### Assignment
Check the entries below for lines with "which"; report only how many there are.

### Material provided
━━━━━━━━━━━━━━━━━━━━
Lemma of_signs_surj d : (forall e, pm1 (d 0 e)) -> exists c, of_signs c = d.
Proof.
move=> pd; exists [ffun e => if d 0 e == 0 then ord0
                            else if d 0 e == 1 then inord 1 else inord 2].
apply/rowP => e; rewrite !mxE ffunE.
have h : (-1 : R) != 1 by apply/eqP; lra.
by case: (pd e) => [->|[->|->]]; rewrite ?eqxx ?oppr_eq0 ?oner_eq0 ?(negPf h) ?inordK.
Qed.

Definition Uc : {set signs} := [set c | `[< Ucirc M F (of_signs c) >]].

Lemma UcP c : reflect (Ucirc M F (of_signs c)) (c \in Uc).
Proof. by rewrite inE; apply: asboolP. Qed.

Lemma Ucirc_of_signs g : Ucirc M F g -> exists2 c, c \in Uc & of_signs c = g.
Proof.
move=> U; have [c E] := of_signs_surj U.1.2.1; exists c => //.
by apply/UcP; rewrite E.
Qed.

Lemma F_flows x : F x -> in_flows M x.
Proof. by move/FP => [/(V0_circuitsP TU) []]. Qed.

Lemma F_circ_ok x : F x -> circ_ok M x.
Proof. by move/FP => [/(V0_circuitsP TU) []]. Qed.

Lemma Uc_circ c : c \in Uc -> circuit_flow M (of_signs c).
Proof. by move/UcP => []. Qed.

Lemma Uc_tight c x : c \in Uc -> F x -> 2 * dotp x (of_signs c) = normsq (of_signs c).
Proof. by move/UcP => [_ H] /H []. Qed.

(* two circuit flows of U(F) never have opposite signs: otherwise their sum
   would violate the bound 2 <x1, y> <= |y|_1 *)
Lemma Uc_sign_consistent c c' e :
  c \in Uc -> c' \in Uc -> 0 <= of_signs c 0 e * of_signs c' 0 e.
Proof.
move=> cU c'U; rewrite leNgt; apply/negP => neg.
set g := of_signs c in neg *; set g' := of_signs c' in neg *.
have cg := Uc_circ cU; have cg' := Uc_circ c'U.
have := circ_ok_bound TU (F_circ_ok Fx1) (in_flowsD cg.1 cg'.1).
rewrite dotpDr mulrDr (Uc_tight cU Fx1) (Uc_tight c'U Fx1) -(l1_circ cg) -(l1_circ cg').
suff : l1 (g + g') < l1 g + l1 g' by lra.
rewrite /l1 -big_split /= -subr_gt0 -sumrB (bigD1 e) //= ltr_pwDl //.
  by rewrite [(g + g') 0 e]mxE subr_gt0; exact: norm_add_lt.
by apply: sumr_ge0 => i _; rewrite [(g + g') 0 i]mxE subr_ge0 ler_normD.
Qed.
(* Let $\alpha\in(\pi/8,3\pi/8)$ with $\alpha/\pi\notin\mathbb{Q}$, $\beta=\alpha-\pi/2$, $\rho=0.01$, $A_1=\rho R(\alpha)$, $A_2=\rho R(\beta)$ where $R(\theta)=\begin{bmatrix}\cos\theta&-\sin\theta\\ \sin\theta&\cos\theta\end{bmatrix}$, and $c(x)=x_1^2+2x_2^2$ for $x=[x_1,x_2]^\top\in\mathbb{R}^2$. Then the optimal value function $J^\star$ of $\{A_1,A_2\}$ with cost $c$ is non-differentiable on a dense subset of $\mathbb{R}^2$.
   Context: For the switched linear system $\xi(t+1)=A_{\sigma(t)}\xi(t)$ with switching signal $\sigma:\mathbb{N}\to\{1,2\}$, $\xi(t,x,\sigma)$ denotes the solution with $\xi(0)=x$, and $J^\star(x)=\inf_\sigma\sum_{t=0}^\infty c(\xi(t,x,\sigma))$. *)

From HB Require Import structures.
From mathcomp Require Import all_boot all_order all_algebra.
From mathcomp Require Import all_classical all_reals all_analysis.
Set Implicit Arguments. Unset Strict Implicit. Unset Printing Implicit Defensive.
Import Order.TTheory GRing.Theory Num.Theory.
Import numFieldNormedType.Exports.
Local Open Scope classical_set_scope.
Local Open Scope ring_scope.

Definition rotmx {R : realType} (th : R) : 'M[R]_2 :=
  \matrix_(i < 2, j < 2)
    (if i == j then cos th
     else if (nat_of_ord i == 0)%N then - sin th else sin th).

Fixpoint traj {R : realType} {I : Type} (A : I -> 'M[R]_2)
  (sigma : nat -> I) (x : 'cV[R]_2) (t : nat) : 'cV[R]_2 :=
  match t with
  | 0 => x
  | t'.+1 => A (sigma t') *m traj A sigma x t'
  end.

Definition total_cost {R : realType} {I : Type} (A : I -> 'M[R]_2)
  (c : 'cV[R]_2 -> R) (x : 'cV[R]_2) (sigma : nat -> I) : \bar R :=
  (\sum_(0 <= t <oo) (c (traj A sigma x t))%:E)%E.

(* Optimal value function J*(x) = inf_sigma sum_t c(xi(t,x,sigma)),
   taken as an extended real infimum and coerced to R (it is finite
   in the situation of the theorem). *)
Definition Jstar {R : realType} {I : Type} (A : I -> 'M[R]_2)
  (c : 'cV[R]_2 -> R) (x : 'cV[R]_2) : R :=
  fine (ereal_inf [set total_cost A c x sigma | sigma in [set: nat -> I]]).

From HB Require Import structures.
From mathcomp Require Import all_boot all_order all_algebra.
From mathcomp Require Import all_classical all_reals all_analysis.
From mathcomp Require Import ring lra.
Set Implicit Arguments. Unset Strict Implicit. Unset Printing Implicit Defensive.
Import Order.TTheory GRing.Theory Num.Theory.
Import numFieldNormedType.Exports.
Local Open Scope classical_set_scope.
Local Open Scope ring_scope.

(* Since A_2 = A_1 R(-pi/2) and rotations commute, every trajectory is
   R(-k pi/2) y(t), where y(t) = rho^t R(t alpha) x is the trajectory of the
   constant signal and k is the number of uses of A_2 before time t.  A quarter
   turn swaps the weights of c, and the parity of k can be chosen freely at every
   t >= 1, so J*(x) = c(x) + sum_(t >= 1) min(c(y(t)), c'(y(t))) with
   c'(a, b) = b^2 + 2 a^2.  Each summand is a minimum of two quadratic forms: its
   second differences are at most a geometric multiple of h^2, and where y(t)
   lies on the diagonal {a = b} it has a concave kink of order |h| in the
   direction R(pi/2) x.  Hence J* is not differentiable there.  These points are
   the polar points of angle pi/4 - t alpha + m pi, which are dense by Kronecker's
   theorem since alpha/pi is irrational. *)

Section Kronecker.
Variable R : archiRealFieldType.

Definition frac (x : R) : R := x - (Num.floor x)%:~R.

Lemma frac_itv x : 0 <= frac x < 1.
Proof.
have := floor_le x; have := floorD1_gt x; rewrite intrD /frac => ? ?.
by apply/andP; split; lra.
Qed.

Lemma truncn_eq_dist (u v : R) : 0 <= u -> 0 <= v ->
  Num.truncn u = Num.truncn v -> `|u - v| < 1.
Proof.
move=> /truncn_itv/andP[u1 u2] /truncn_itv/andP[v1 v2] uv.
rewrite uv in u1 u2; rewrite -[_.+1]addn1 natrD in u2 v2.
by rewrite ltr_norml; apply/andP; split; lra.
Qed.

Lemma frac_pigeonhole (a d : R) : 0 < d ->
  exists i j : nat, (i < j)%N /\ `|frac (j%:R * a) - frac (i%:R * a)| < d.
Proof.
move=> d_gt0; set N := (Num.truncn d^-1).+1.
have N_gt0 : 0 < N%:R :> R by rewrite ltr0n.
have invN_lt : N%:R^-1 < d.
  by rewrite -[d]invrK ltf_pV2 ?posrE ?invr_gt0 // truncnS_gt.
have bin_ge0 i : 0 <= frac (i%:R * a) * N%:R.
  by rewrite mulr_ge0 ?ler0n //; case/andP: (frac_itv (i%:R * a)).
pose bin (i : 'I_N.+1) : 'I_N := inord (Num.truncn (frac (i%:R * a) * N%:R)).
have binE i : bin i = Num.truncn (frac (i%:R * a) * N%:R) :> nat.
  rewrite inordK // truncn_lt_nat // gtr_pMl //.
  by case/andP: (frac_itv (i%:R * a)).
have /injectivePn [i [j ij bin_ij]] : ~~ injectiveb bin.
  by apply/injectiveP => /leq_card; rewrite !card_ord ltnn.
have close : `|frac (i%:R * a) - frac (j%:R * a)| < d.
  have := truncn_eq_dist (bin_ge0 i) (bin_ge0 j).
  rewrite -!binE bin_ij => /(_ erefl).
  rewrite -mulrBl normrM (gtr0_norm N_gt0) -ltr_pdivlMr // mul1r.
  by move/lt_trans; apply.
case: (ltngtP i j) => [lt_ij|lt_ji|/val_inj eq_ij]; last by rewrite eq_ij eqxx in ij.
- by exists i, j; rewrite distrC.
- by exists j, i.
Qed.

Lemma kronecker (a : R) :
    (forall (n : nat) (m : int), (0 < n)%N -> n%:R * a != m%:~R) ->
  forall g d : R, 0 < d ->
  exists t : nat, exists m : int, (0 < t)%N /\ `|t%:R * a - m%:~R - g| < d.
Proof.
move=> irr g d d_gt0.
have [n [M [n_gt0 [del_neq0 del_lt]]]] : exists n : nat, exists M : int,
    [/\ (0 < n)%N, n%:R * a - M%:~R != 0 & `|n%:R * a - M%:~R| < Num.min d 1].
  have min_gt0 : 0 < Num.min d 1 by rewrite lt_min d_gt0 ltr01.
  have [i [j [lt_ij close]]] := frac_pigeonhole a min_gt0.
  exists (j - i)%N, (Num.floor (j%:R * a) - Num.floor (i%:R * a)).
  have E : (j - i)%N%:R * a - (Num.floor (j%:R * a) - Num.floor (i%:R * a))%:~R
      = frac (j%:R * a) - frac (i%:R * a).
    by rewrite /frac natrB ?(ltnW lt_ij) // intrB; ring.
  have n_gt0 : (0 < j - i)%N by rewrite subn_gt0.
  split => //; first by rewrite subr_eq0; apply: irr.
  by rewrite E.
set del := n%:R * a - M%:~R in del_neq0 del_lt *.
have [del_lt1 del_ltd] : `|del| < 1 /\ `|del| < d.
  by move: del_lt; rewrite lt_min => /andP[].
(* Only positive multiples of [del] are available, so move [g] by an integer
   to the side of 0 towards which [del] points. *)
have [p ge_p] : exists p : int, 1 <= (g + p%:~R) / del.
  have /andP[fg0 fg1] := frac_itv g; rewrite /frac in fg0 fg1.
  move: del_lt1; rewrite ltr_norml => /andP[del_gtN1 del_lt1].
  have [del_gt0 | del_lt0] := ltrP 0 del.
    exists (- Num.floor g + 1); rewrite ler_pdivlMr // mul1r intrD intrN.
    lra.
  have {}del_lt0 : del < 0 by rewrite lt_neqAle del_neq0.
  exists (- Num.floor g - 2); rewrite ler_ndivlMr // mul1r intrB intrN.
  lra.
set k := Num.truncn ((g + p%:~R) / del).
have /andP[k_le k_gt] := truncn_itv (le_trans ler01 ge_p).
exists (k * n)%N, (k%:Z * M + p); split.
  by rewrite muln_gt0 n_gt0 andbT truncn_gt0.
have -> : (k * n)%N%:R * a - (k%:Z * M + p)%:~R - g = (k%:R - (g + p%:~R) / del) * del.
  by rewrite natrM intrD intrM mulrBl divfK // /del pmulrn; ring.
rewrite normrM; apply: le_lt_trans del_ltd.
rewrite -[X in _ <= X]mul1r ler_wpM2r // ler_norml.
by rewrite -[_.+1]addn1 natrD in k_gt; apply/andP; split; lra.
Qed.

End Kronecker.

Lemma alternatingz (U : zmodType) (V : pzRingType) (f : U -> V) (T : U) :
  alternating f T -> forall (m : int) a, f (a + T *~ m) = (- 1) ^+ `|m|%N * f a.
Proof.
move=> fT [n|n] a; first exact: alternatingn.
have := alternatingn fT n.+1 (a + T *~ Negz n).
rewrite NegzE mulrNz subrK /= => ->.
by rewrite mulrA -expr2 sqrr_sign mul1r.
Qed.

Lemma sin_piquarter (R : realType) : sin (pi / 4) = cos (pi / 4) :> R.
Proof.
by rewrite -cosBpihalf (_ : pi / 4 - pi / 2 = - (pi / 4)) ?cosN //; field.
Qed.

Lemma cos_piquarter_gt0 (R : realType) : 0 < cos (pi / 4) :> R.
Proof. by apply: cos_gt0_pihalf; have pi_gt0 := @pi_gt0 R; apply/andP; split; lra. Qed.

Section SecondDifference.
Variables (R : realType) (V : normedModType R).

Definition diff2 (f : V -> R) (x z : V) (h : R) :=
  f (x + h *: z) + f (x - h *: z) - 2 * f x.

Lemma diff2_sum I (r : seq I) (F : I -> V -> R) x z h :
  diff2 (fun y => \sum_(i <- r) F i y) x z h = \sum_(i <- r) diff2 (F i) x z h.
Proof. by rewrite /diff2 sumrB big_split mulr_sumr. Qed.

Lemma diff2_kink_not_differentiable (f : V -> R) (x z : V) (K k : R) : 0 < k ->
  (forall h, diff2 f x z h <= K * h ^+ 2 - k * `|h|) -> ~ differentiable f x.
Proof.
move=> k_gt0 kink f_diff.
have quot_cvg0 : (fun h : R => h^-1 * diff2 f x z h) @ 0^' --> 0.
  have -> : (fun h : R => h^-1 * diff2 f x z h) = (fun h =>
      h^-1 *: ((f \o shift x) (h *: z) - f x) + h^-1 *: ((f \o shift x) (h *: - z) - f x)).
    apply/funext => h; rewrite /diff2 /= scalerN ![_ + x]addrC.
    by rewrite -!mulrDr; congr (_ * _); ring.
  have D_opp : 'D_z f x + 'D_(- z) f x = 0 by rewrite !deriveE // linearN addrN.
  rewrite -[X in _ --> X]D_opp.
  exact: cvgD (@diff_derivable _ _ _ f x z f_diff) (@diff_derivable _ _ _ f x (- z) f_diff).
have k2_gt0 : 0 < k / 2 by rewrite divr_gt0.
near (0 : R)^' => h.
have h_neq0 : h != 0 by near: h; exact: nbhs_dnbhs_neq.
have quot_small : `|h^-1 * diff2 f x z h| < k / 2 by near: h; exact: cvgr0_norm_lt.
have h_small : `|h| * (`|K| + 1) < k / 2.
  rewrite -ltr_pdivlMr ?ltr_pwDr //; near: h.
  by apply: dnbhs0_lt; rewrite divr_gt0 // ltr_pwDr.
have h_gt0 : 0 < `|h| by rewrite normr_gt0.
have S_small : `|diff2 f x z h| < k / 2 * `|h|.
  by move: quot_small; rewrite normrM normfV -ltr_pdivlMl ?invr_gt0 // invrK mulrC.
have K_h2 : K * h ^+ 2 <= `|K| * `|h| * `|h|.
  by rewrite -mulrA -expr2 -normrX -normrM ler_norm.
have K_h : `|K| * `|h| * `|h| <= k / 2 * `|h|.
  by rewrite ler_wpM2r ?ltW //; move: h_small; rewrite mulrDr mulr1 mulrC; lra.
have := kink h; have := ler_norm (- diff2 f x z h); rewrite normrN; lra.
Unshelve. all: by end_near.
Qed.

End SecondDifference.

Section MinQuadratic.
Variable R : realFieldType.

Definition minq (a b : R) := Num.min (a ^+ 2 + 2 * b ^+ 2) (b ^+ 2 + 2 * a ^+ 2).

Lemma minq_diff2 a b c d h :
  minq (a + h * c) (b + h * d) + minq (a - h * c) (b - h * d) - 2 * minq a b
  <= 4 * h ^+ 2 * (c ^+ 2 + d ^+ 2).
Proof.
have hc2 := sqr_ge0 (h * c); have hd2 := sqr_ge0 (h * d).
have min_le (u v : R) :
    minq u v <= u ^+ 2 + 2 * v ^+ 2 /\ minq u v <= v ^+ 2 + 2 * u ^+ 2.
  by rewrite /minq !ge_min !lexx orbT.
have [p1 p2] := min_le (a + h * c) (b + h * d).
have [m1 m2] := min_le (a - h * c) (b - h * d).
have E1 : (a + h * c) ^+ 2 + 2 * (b + h * d) ^+ 2 + ((a - h * c) ^+ 2 + 2 * (b - h * d) ^+ 2)
    = 2 * (a ^+ 2 + 2 * b ^+ 2) + 2 * (h * c) ^+ 2 + 4 * (h * d) ^+ 2 by ring.
have E2 : (b + h * d) ^+ 2 + 2 * (a + h * c) ^+ 2 + ((b - h * d) ^+ 2 + 2 * (a - h * c) ^+ 2)
    = 2 * (b ^+ 2 + 2 * a ^+ 2) + 4 * (h * c) ^+ 2 + 2 * (h * d) ^+ 2 by ring.
have E3 : 4 * h ^+ 2 * (c ^+ 2 + d ^+ 2) = 4 * (h * c) ^+ 2 + 4 * (h * d) ^+ 2 by ring.
rewrite E3 {3}/minq.
by case: (leP (a ^+ 2 + 2 * b ^+ 2) (b ^+ 2 + 2 * a ^+ 2)) => _; lra.
Qed.

Lemma minq_diff2_diag s h :
  minq (s - h * s) (s + h * s) + minq (s + h * s) (s - h * s) - 2 * minq s s
  = 6 * h ^+ 2 * s ^+ 2 - 4 * `|h| * s ^+ 2.
Proof.
have min_pm (X Y : R) : Num.min (X + Y) (X - Y) = X - `|Y|.
  case: (lerP 0 Y) => Y0; first by rewrite ger0_norm // (min_idPr _) //; lra.
  by rewrite ltr0_norm // opprK (min_idPl _) //; lra.
have E : minq (s - h * s) (s + h * s) = 3 * s ^+ 2 + 3 * (h * s) ^+ 2 - 2 * `|h| * s ^+ 2.
  rewrite /minq.
  have -> : (s - h * s) ^+ 2 + 2 * (s + h * s) ^+ 2
      = 3 * s ^+ 2 + 3 * (h * s) ^+ 2 + 2 * h * s ^+ 2 by ring.
  have -> : (s + h * s) ^+ 2 + 2 * (s - h * s) ^+ 2
      = 3 * s ^+ 2 + 3 * (h * s) ^+ 2 - 2 * h * s ^+ 2 by ring.
  by rewrite min_pm normrM (ger0_norm (sqr_ge0 s)) normrM normr_nat.
rewrite E [minq (s + _) _]/minq minC -/(minq (s - h * s) (s + h * s)) E.
by rewrite /minq minxx; ring.
Qed.
Lemma sqnorm_ge0 s : 0 <= sqnorm s.
Proof. by apply: sumr_ge0 => i _; apply: sqr_ge0. Qed.

Lemma sqnorm_eq0 s : (sqnorm s == 0) = (s == 0).
Proof.
apply/idP/eqP => [/eqP s0|->]; last by rewrite /sqnorm big1 // => i _; rewrite mxE expr0n.
apply/matrixP => i j; rewrite mxE ord1.
have /eqP := psumr_eq0P (fun k _ => sqr_ge0 (s 0 k)) s0 (i := j) isT.
by rewrite sqrf_eq0 => /eqP.
Qed.

Lemma sqnorm_delta i : sqnorm ('e_i : 'rV[R]_q) = 1.
Proof. by rewrite sqnormE dotv_delta eqxx. Qed.

Lemma sqnorm_orthD s t : dotv s t = 0 -> sqnorm (s + t) = sqnorm s + sqnorm t.
Proof. by move=> st; rewrite !sqnormE dotvDl !dotvDr (dotvC t s) st addr0 add0r. Qed.

Lemma sqnorm_orthB s t : dotv s t = 0 -> sqnorm (s - t) = sqnorm s + sqnorm t.
Proof.
by move=> st; rewrite sqnorm_orthD ?dotvNr ?st ?oppr0 // !sqnormE dotvNl dotvNr opprK.
Qed.

Lemma dotv_deltaDB i j :
  dotv ('e_i + 'e_j) ('e_i - 'e_j : 'rV[R]_q) = 0.
Proof.
rewrite dotvDl !dotvDr !dotvNr !dotv_delta !eqxx (eq_sym j i).
by rewrite addrA subrK subrr.
Qed.

Lemma vnorm_sqr s : vnorm s ^+ 2 = sqnorm s.
Proof. by rewrite sqr_sqrtr // sqnorm_ge0. Qed.

Lemma vnorm_eq0 s : (vnorm s == 0) = (s == 0).
Proof. by rewrite -sqnorm_eq0 -vnorm_sqr sqrf_eq0. Qed.

Lemma vnorm_delta i : vnorm ('e_i : 'rV[R]_q) = 1.
Proof. by rewrite /vnorm sqnorm_delta sqrtr1. Qed.

Lemma sqnorm_deltaD i j : i != j -> sqnorm ('e_i + 'e_j : 'rV[R]_q) = 2.
Proof. by move=> ij; rewrite sqnorm_orthD ?dotv_delta ?(negPf ij) // !sqnorm_delta. Qed.

Lemma sqnorm_deltaB i j : i != j -> sqnorm ('e_i - 'e_j : 'rV[R]_q) = 2.
Proof. by move=> ij; rewrite sqnorm_orthB ?dotv_delta ?(negPf ij) // !sqnorm_delta. Qed.

End RowVectors.

Lemma mxtrace_rot4 (Rg : comPzRingType) n (X1 X2 X3 X4 : 'M[Rg]_n) :
  \tr (X1 *m X2 *m X3 *m X4) = \tr (X2 *m X3 *m X4 *m X1).
Proof. by rewrite -!mulmxA mxtrace_mulC !mulmxA. Qed.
━━━━━━━━━━━━━━━━━━━━
### Response box
2